Scientists in Oklahoma are hopeful about Alzheimer's vaccine

OKLAHOMA CITY Oklahoma City scientists have developed a vaccine that could restrain or even thwart Alzheimer’s Disease, according to The Oklahoman online.

The vaccine, designed to fight dementia in the brain via the human immune system, could reach human clinical trials in three to four years, according to officials at the Oklahoma Medical Research Foundation.

“These results are extremely exciting,” said Jordan Tang, OMRF researcher who led the laboratory study that resulted in the vaccine. “They certainly show that this vaccination approach warrants additional investigation as a therapy for Alzheimer’s disease.”

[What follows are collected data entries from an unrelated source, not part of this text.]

Lemma convex_walk_eq z z' : Z z -> Z z' ->
  {in I, forall j, z 0 j = z' 0 j} -> f z = f z'.
Proof.
move=> Zz Zz' zz'I.
have [e e_gt0 boxZ] := convex_open_segment_box oZ cZ Zz Zz'.
(* [N] steps along the segment, each moving every coordinate by less than [e] *)
pose N := (Num.truncn ((\sum_j `|z 0 j - z' 0 j|) / e)).+1.
have N_gt0 : 0 < N%:R :> R by rewrite ltr0n.
pose t (k : nat) := k%:R / N%:R : R.
pose q k := (1 - t k) *: z + t k *: z'.
have t_01 k : (k <= N)%N -> 0 <= t k <= 1.
  move=> le_kN; rewrite /t divr_ge0 ?ler0n ?(ltW N_gt0) //=.
  by rewrite ler_pdivrMr // mul1r ler_nat.
have qS_lt k j : `|q k 0 j - q k.+1 0 j| < e.
  have -> : q k 0 j - q k.+1 0 j = (z 0 j - z' 0 j) / N%:R.
    by rewrite !mxE /t -natr1; field; rewrite lt0r_neq0.
  rewrite normrM normfV (gtr0_norm N_gt0) ltr_pdivrMr // mulrC -ltr_pdivrMr //.
  apply: le_lt_trans (truncnS_gt _).
  rewrite ler_pM2r ?invr_gt0 // (bigD1 j) //= lerDl.
  by apply: sumr_ge0 => i _.
suff f_q k : (k <= N)%N -> f z = f (q k).
  rewrite (f_q N) //; congr f; apply/rowP => j.
  by rewrite !mxE /t divff ?lt0r_neq0 // subrr mul0r add0r mul1r.
elim: k => [_|k IHk lt_kN].
  by congr f; apply/rowP => j; rewrite !mxE /t mul0r subr0 mul1r mul0r addr0.
rewrite IHk ?(ltnW lt_kN) //; apply: splice_walk_eq => [m _|j jI].
  apply: (boxZ (t k) (t_01 k (ltnW lt_kN))) => j; rewrite [splice _ _ _ 0 j]mxE.
  by case: ifP => _; [exact: qS_lt | rewrite subrr normr0].
by rewrite !mxE zz'I //; ring.
Qed.

End CoordinateWalk.

Arguments convex_walk_eq {R n T} I {Z f} f_step oZ cZ {z z'}.

Lemma minAIR_phi_inj {R : realType} {nA dx dZ : nat} {PA : {set {set 'I_nA}}}
    {X : set 'rV[R]_dx} {dY : {set 'I_nA} -> nat}
    {y : forall A, 'rV[R]_dx -> 'rV[R]_(dY A)} {Z : set 'rV[R]_dZ}
    {psi : 'rV[R]_dx -> 'rV[R]_dZ} {I : {set 'I_nA} -> {set 'I_dZ}}
    {phi : forall A, 'rV[R]_#|I A| -> 'rV[R]_(dY A)} :
  is_minAIR PA X y Z psi I phi ->
  forall A, A \in PA -> set_inj (projset (I A) Z) (phi A).
Proof. by case=> _ _ _ phi_bij _ A /phi_bij[g [[]]]. Qed.

Section OverlapMap.

Context {R : realType} {nA dx : nat} {PA : {set {set 'I_nA}}}.
Context {X : set 'rV[R]_dx} {dY : {set 'I_nA} -> nat}.
Context {y : forall A, 'rV[R]_dx -> 'rV[R]_(dY A)}.
Context {dZ : nat} {Z : set 'rV[R]_dZ} {psiz : 'rV[R]_dx -> 'rV[R]_dZ}.
Context {Iz : {set 'I_nA} -> {set 'I_dZ}}.
Context {phiz : forall A, 'rV[R]_#|Iz A| -> 'rV[R]_(dY A)}.
Context {dC : nat} {C : set 'rV[R]_dC} {psic : 'rV[R]_dx -> 'rV[R]_dC}.
Context {Ic : {set 'I_nA} -> {set 'I_dC}}.
Context {phic : forall A, 'rV[R]_#|Ic A| -> 'rV[R]_(dY A)}.

Hypotheses (minZ : is_minAIR PA X y Z psiz Iz phiz)
           (minC : is_minAIR PA X y C psic Ic phic) (cZ : convex_subset Z).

The illness, a fatal, memory-robbing disease, affects several million Americans, including 70,000 Oklahomans. November is National Alzheimer’s Disease Awareness Month.

Results of OMRF’s vaccine research appeared in the Oct. 21 edition of The Journal of the Federation of American Societies for Experimental Biology. “This is the first time this type of Alzheimer’s vaccine has been produced anywhere. Other types of vaccines have been tried, but have failed,” OMRF spokesman Adam Cohen said.

Tang had pointed out that while the vaccine should be an addition to developments to cure the disease, rather than a substitution, the vaccine is still in its critical stages.

Back 2002, the pharmaceutical company Elan halted trials of a different vaccine after 15 patients suffered swelling of the central nervous system. OMRF president, Dr. Stephen Prescott, said he’s hopeful Tang’s work will avoid the pitfalls that weighed down Elan’s vaccine. “This vaccination stimulates the immune system more gently than previous Alzheimer’s vaccines, so we are optimistic about its prospects going forward,” he said.